Other select requirements from data protection regulations include:
Right to be forgotten: Data protection regulations also grant users the right to request that all instances of their personally identifiable information be deleted. Businesses should be able to promptly and appropriately respond to such requests, which means they need to keep the data within their organizations in order.
Data minimization: Data protection principles require companies to remove all PII that is unnecessary from the data they collect. Businesses must ensure they have a valid legal basis for collecting and processing specific data, avoiding unnecessary collection of PII and reducing privacy risks.
Pseudonymization or anonymization: Pseudonymization involves replacing identifying information from data with placeholders that can be linked back to the original data, while anonymization ensures that the data cannot be linked back to an individual. Pseudonymizing data where possible is a requirement of the GDPR.

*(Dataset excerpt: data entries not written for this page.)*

(* SmoothMerge run with given Trust decisions t, Greedy decisions g and
   coin outcomes: a j is the p_t-coin, b j is the p_g-coin for job j. *)
Fixpoint smooth_aux (S : seq job) (s : seq job) (t g a b : seq bool)
  : seq job :=
  match s, t, g, a, b with
  | J0 :: s', ti :: t', gg :: g', aa :: a', bb :: b' =>
      let add := if has (overlap J0) S then false
                 else if ti && gg then true
                 else if ti then aa
                 else if gg then bb
                 else false in
      smooth_aux (if add then rcons S J0 else S) s' t' g' a' b'
  | _, _, _, _, _ => S
  end.

Definition smooth_merge (s : seq job) (o a b : seq bool) : seq job :=
  smooth_aux [::] s o (greedy_dec s) a b.

Definition bern_weight (n : nat) (p : R) (c : {ffun 'I_n -> bool}) : R :=
  \prod_(i < n) (if c i then p else 1 - p).

Definition expected_alg (pt pg : R) (s : seq job) (o : seq bool) : R :=
  \sum_(a : {ffun 'I_(size s) -> bool}) \sum_(b : {ffun 'I_(size s) -> bool})
    bern_weight pt a * bern_weight pg b *
    total_len (smooth_merge s o (codom a) (codom b)).

End Sched.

How does using a synthetic PII generator contribute to data privacy when using ChatGPT?
Synthetic PII replaces real personally identifiable information with synthetic personally identifiable information. For example, “Maria went to the store” can become “Anna went to the store.” or “My account number is 894234” can become “My account number is 054274”
It helps in creating more natural looking data to train LLMs on, all the while making it possible to keep the maximum amount of the original context without sacrificing privacy. In addition, if any PII is missed and the PII that was caught is replaced with synthetic data, it becomes very difficult to distinguish between the original data and the fake data.
That said, we have found that replacing PII with markers like [NAME_1], [PHONE_NUMBER_1], etc. also allows to maximize the amount of preserved context and minimize privacy risk without sacrificing the utility of the data at inference time (i.e., upon response to the prompt).